While en route, Guerra drove his car through a red light and collided with another car that had entered the intersection. The occupants of the other car were seriously injured and the driver later died from his injuries. The injured parties filed a lawsuit against Guerra and were awarded a judgment. They then filed this lawsuit to have the judgment against Guerra paid by Hartford , which was the auto insurer for OSP. The plaintiffs alleged that Guerra was an insured person under the business auto policy of OSP.

The business auto policy declared that anyone is an insured while driving a covered auto that the named insured owns, hires, or borrows. And, by endorsement, any employee of OSP was an insured while using a covered auto that OSP did not own, hire, or borrow in OSP's business or personal affairs. The plaintiffs argued that this meant the auto policy applied to Guerra. The court did not agree. The court felt that this was a strained construction because it omits the plain requirement of using the auto in the business or personal affairs of OSP. The court noted that Guerra admitted that he was not acting on behalf of his employer at the time of the accident; he was driving his personal auto while off duty at the time of the accident. This meant to the court that Guerra was not using his car in OSP's business or personal affairs. Guerra was not an insured and his personal auto was not a covered auto, so the

Hartford policy did not apply to this claim.

Homeowners Case of Note

Coverage for musical equipment is often not addressed when arranging homeowners insurance. But, as this case illustrates, it should be.

The insured had a theft from his dwelling, and a loss of nearly $27,000 was claimed for musical recording and playing equipment.

Based upon the insured's examination under oath, the insurer determined that the equipment was business property and limited the amount paid to $500, the policy limit for business property. The insured sued for breach of contract, asserting that the equipment should be covered up to the limit for his personal property (nearly $40,000).

The policy defined “business” as “including a trade, profession, or occupation.” The insured said the equipment was not used in a business, but rather “used for personal use only, perhaps accompanied by a dream that someday [he] might be able to get into the music business.” Further, he argued, the phrase “business property” left three interpretations possible: (1) the property was used exclusively in pursuit of a trade, profession or occupation; (2) the property was used sometimes in business; or (3) the property had only once been used in business but was not now.

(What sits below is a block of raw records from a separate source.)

Lemma min_grad_eq0 p : (forall y, f p <= f y) -> g p = 0.
Proof.
move=> pmin; apply: dotmx_eq0.
have [_ +] := fg p (- L^-1 *: g p).
move=> /(le_trans (pmin _)); rewrite dotmxZr enorm_sqrZ enorm_sqr sqrrN.
have := dotmx_ge0 (g p); set q := dotmx _ _ => q_ge0.
have -> : L * (L^-1 ^+ 2 * q) / 2 = L^-1 * q / 2 by field; rewrite gt_eqF.
move=> h; have : L^-1 * q <= 0 by lra.
by rewrite pmulr_rle0 ?invr_gt0 // => q_le0; apply/eqP; rewrite eq_le q_le0.
Qed.

Lemma min_uniq p : (forall y, f p <= f y) -> forall y, f y <= f p -> y = p.
Proof.
move=> pmin y fy; have [+ _] := fg p (y - p).
rewrite min_grad_eq0 // dotmx0l addr0 subrKC enorm_sqr => /le_trans/(_ fy) h.
have : mu * dotmx (y - p) (y - p) <= 0 by lra.
rewrite pmulr_rle0 // => sq_le0; apply/eqP; rewrite -subr_eq0; apply/eqP/dotmx_eq0.
by apply/eqP; rewrite eq_le sq_le0 dotmx_ge0.
Qed.

(* Evaluate the upper bound at [y] and the lower bound at [x] in the point
   [y - (g y - g x) / L]. *)
Lemma grad_cocoercive x y :
  f x + dotmx (g x) (y - x) + enorm (g y - g x) ^+ 2 / (2 * L) <= f y.
Proof.
set q := g y - g x; pose u := L^-1 *: q.
have [_ upper] := fg y (- u).
have [lower _] := fg x (y - u - x).
rewrite subrKC in lower.
have mu_term_ge0 : 0 <= mu * enorm (y - u - x) ^+ 2 / 2.
  by rewrite mulr_ge0 ?invr_ge0 ?ler0n // mulr_ge0 ?exprn_ge0 ?enorm_ge0 // ltW.
have dot_lower : dotmx (g x) (y - u - x) = dotmx (g x) (y - x) - dotmx (g x) u.
  by rewrite !dotmxBr; ring.
have dot_upper : dotmx (g y) u - dotmx (g x) u = enorm q ^+ 2 / L.
  by rewrite -dotmxBl -/q /u dotmxZr enorm_sqr mulrC.
have sqr_u : L * enorm (- u) ^+ 2 / 2 = enorm q ^+ 2 / (2 * L).
  by rewrite enormN enorm_sqrZ; field; rewrite gt_eqF.
have half : enorm q ^+ 2 / L = 2 * (enorm q ^+ 2 / (2 * L)).
  by field; rewrite gt_eqF.
rewrite dot_lower in lower; rewrite dotmxNr sqr_u in upper.
lra.
Qed.

Lemma enorm_grad_le_dist_min p :
  (forall y, f p <= f y) -> forall x, enorm (g x) <= L * enorm (x - p).
Proof.
move=> pmin x; have gp0 := min_grad_eq0 pmin.
have c1 := grad_cocoercive p x; have c2 := grad_cocoercive x p.
rewrite gp0 dotmx0l subr0 addr0 in c1.
rewrite gp0 sub0r enormN -opprB dotmxNr in c2.
have cs := dotmx_le (g x) (x - p).
set e := enorm (g x) in c1 c2 cs *; set E := enorm (x - p) in cs *.
have e_ge0 : 0 <= e := enorm_ge0 _.
have half : e ^+ 2 / L = 2 * (e ^+ 2 / (2 * L)) by field; rewrite gt_eqF.
have : e ^+ 2 <= L * (e * E) by rewrite -ler_pdivrMl // mulrC; lra.
have [->|e_neq0] := eqVneq e 0; first by rewrite mulr_ge0 ?enorm_ge0 // ltW.
have e_gt0 : 0 < e by rewrite lt_def e_neq0.
by rewrite mulrCA expr2 ler_pM2l.
Qed.

Lemma sublevel_dist_le x y : f y <= f x -> mu * enorm (y - x) <= 2 * enorm (g x).
Proof.
move=> fy; have [+ _] := fg x (y - x).
rewrite subrKC => /le_trans/(_ fy) h.
have cs := dotmx_le (- g x) (y - x); rewrite dotmxNl enormN in cs.
set e := enorm (y - x) in h cs *; set G := enorm (g x) in cs *.
have : e * (mu * e) <= e * (2 * G) by lra.
have [->|e_neq0] := eqVneq e 0; first by rewrite mulr0 mulr_ge0 ?enorm_ge0.
by rewrite ler_pM2l // lt_def e_neq0 enorm_ge0.
Qed.

Lemma exists_minimizer : continuous f -> exists p, forall y, f p <= f y.
Proof.
move=> cf; pose A := [set y | f y <= f 0].
have closedA : closed A := (continuous_closedP f).1 cf _ (@closed_le _ (f 0)).
have A_le y : A y -> `|y| <= 2 * enorm (g 0) / mu.
  move=> Ay; apply: le_trans (normr_le_enorm _) _.
  by rewrite ler_pdivlMr // mulrC -[y]subr0 sublevel_dist_le.
have boundedA : bounded_set A.
  apply: filterS (nbhs_pinfty_ge (num_real (2 * enorm (g 0) / mu))).
  by move=> M le_M y /A_le /le_trans; apply.
have A0 : A !=set0 by exists 0; rewrite /A /=.
have [c Ac cmin] := EVT_min_rV A0 (bounded_closed_compact boundedA closedA)
  (continuous_subspaceT cf).
exists c => y; have [Ay|] := lerP (f y) (f 0); first by apply: cmin; rewrite inE.
by move=> /ltW; apply: le_trans; move: Ac; rewrite inE.
Qed.

End QuadraticBoundsTheory.

Lemma quadratic_bounds_wsum (R : realType) d n (mu L : R) (w : 'I_n -> R)
    (F : 'I_n -> 'rV[R]_d -> R) (G : 'I_n -> 'rV[R]_d -> 'rV[R]_d) :
  in_simplex w -> (forall i, quadratic_bounds mu L (F i) (G i)) ->
  quadratic_bounds mu L (fun x => \sum_(i < n) w i * F i x)
                        (fun x => \sum_(i < n) w i *: G i x).
Proof.
case=> w_ge0 w_sum1 FG x v.
have -> : dotmx (\sum_i w i *: G i x) v = \sum_i w i * dotmx (G i x) v.
  rewrite (big_morph (fun A => dotmx A v) (fun A B => dotmxDl A B v) (dotmx0l v)).
  by apply: eq_bigr => i _; rewrite dotmxZl.
have wsumE c : \sum_i w i * F i x + \sum_i w i * dotmx (G i x) v + c =
               \sum_i w i * (F i x + dotmx (G i x) v + c).
  rewrite -big_split -[c in LHS]mul1r -w_sum1 mulr_suml -big_split /=.
  by apply: eq_bigr => i _; rewrite !mulrDr.
rewrite !wsumE; split; apply: ler_sum => i _; apply: ler_wpM2l => //;
  by have [] := FG i x v.
Qed.

Lemma pareto_optimal_dominated_eq (R : realType) n d
    (F : 'I_n -> 'rV[R]_d -> R) x :
  (forall y, (forall i, F i y <= F i x) -> y = x) -> pareto_optimal F x.
Proof. by move=> dom_eq [y [Fy [j]]]; rewrite (dom_eq y Fy) ltxx. Qed.

Lemma norm12_trmx_le (R : realType) n d (A : 'M[R]_(n, d)) (c : \bar R) :
  (forall k, (enorm (row k A))%:E <= c)%E -> (norm12 A^T <= c)%E.
Proof.
move=> A_le; apply/ereal_supP => _ [z /= z1 <-].
have -> : A^T *m z = (\sum_k z k 0 *: row k A)^T.
  rewrite -[LHS]trmxK trmx_mul trmxK mulmx_sum_row.
  by congr (_^T); apply: eq_bigr => k _; rewrite mxE.
rewrite enorm_trmx; case: c A_le => [r| |] A_le; last 2 first.
- by rewrite leey.
- case: n A z z1 A_le => [|n] A z; last by move=> _ /(_ ord0).
  by rewrite /l1norm big_ord0 => /eqP; rewrite eq_sym oner_eq0.
rewrite lee_fin; apply: le_trans (enorm_sum_le _ _) _.
rewrite -[r]mul1r -z1 /l1norm mulr_suml; apply: ler_sum => k _.
by rewrite ler_wpM2l // -lee_fin.
Qed.

Theorem lemma10 (R : realType) (n d : nat) (mu L : R)
  (F : 'I_n -> 'rV[R]_d -> R)
  (hA1 : forall i, assumptionA1 mu L (F i))
  (beta : 'I_n -> R) (hbeta : in_simplex beta)
  (xb : 'rV[R]_d)
  (hxb : forall x, \sum_(i < n) beta i * F i xb <= \sum_(i < n) beta i * F i x) :
  (norm12 (jac F xb)^T <= L%:E * diam (pareto_set F))%E.
Proof.
apply: norm12_trmx_le => k.
have [mu_gt0 mu_le_L df _ _] := hA1 k.
have FG i := assumptionA1_quadratic_bounds (hA1 i).
have [beta_ge0 _] := hbeta.
have xb_pareto : pareto_optimal F xb.
  apply: pareto_optimal_dominated_eq => y Fy.
  apply: (min_uniq mu_gt0 mu_le_L (quadratic_bounds_wsum hbeta FG) hxb).
  by apply: ler_sum => i _; rewrite ler_wpM2l ?beta_ge0.
have [p pmin] := exists_minimizer mu_gt0 (FG k)
  (fun x => differentiable_continuous (df x)).
have p_pareto : pareto_optimal F p.
  apply: pareto_optimal_dominated_eq => y Fy.
  exact: (min_uniq mu_gt0 mu_le_L (FG k) pmin (Fy k)).
have -> : row k (jac F xb) = grad (F k) xb by apply/rowP => j; rewrite !mxE.
apply: (@le_trans _ _ (L * enorm (xb - p))%:E).
  by rewrite lee_fin (enorm_grad_le_dist_min mu_gt0 mu_le_L (FG k) pmin xb).
rewrite EFinM; apply: lee_wpmul2l.
  by rewrite lee_fin (ltW (lt_le_trans mu_gt0 mu_le_L)).
by apply: ereal_sup_ubound; exists xb, p.
Qed.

But the appellate court agreed with the trial court, and said there was no genuine issue of material fact. Although the insured had claimed that music was “just a hobby,” his testimony under oath was that he had no occupation; he received much of the equipment in exchange for services; he performed shows where he would be paid monetary compensation; and he used the equipment to produce demos that he sent to record companies. The court added that the lack of a definition for “business property” did not render the phrase ambiguous, and so, the trial court's decision in favor of the insurer was upheld.

This case is Mack v. Nationwide Mutual Fire Insurance Company, 2005 Westlaw 1314800 (Oh. App. 6, 2005).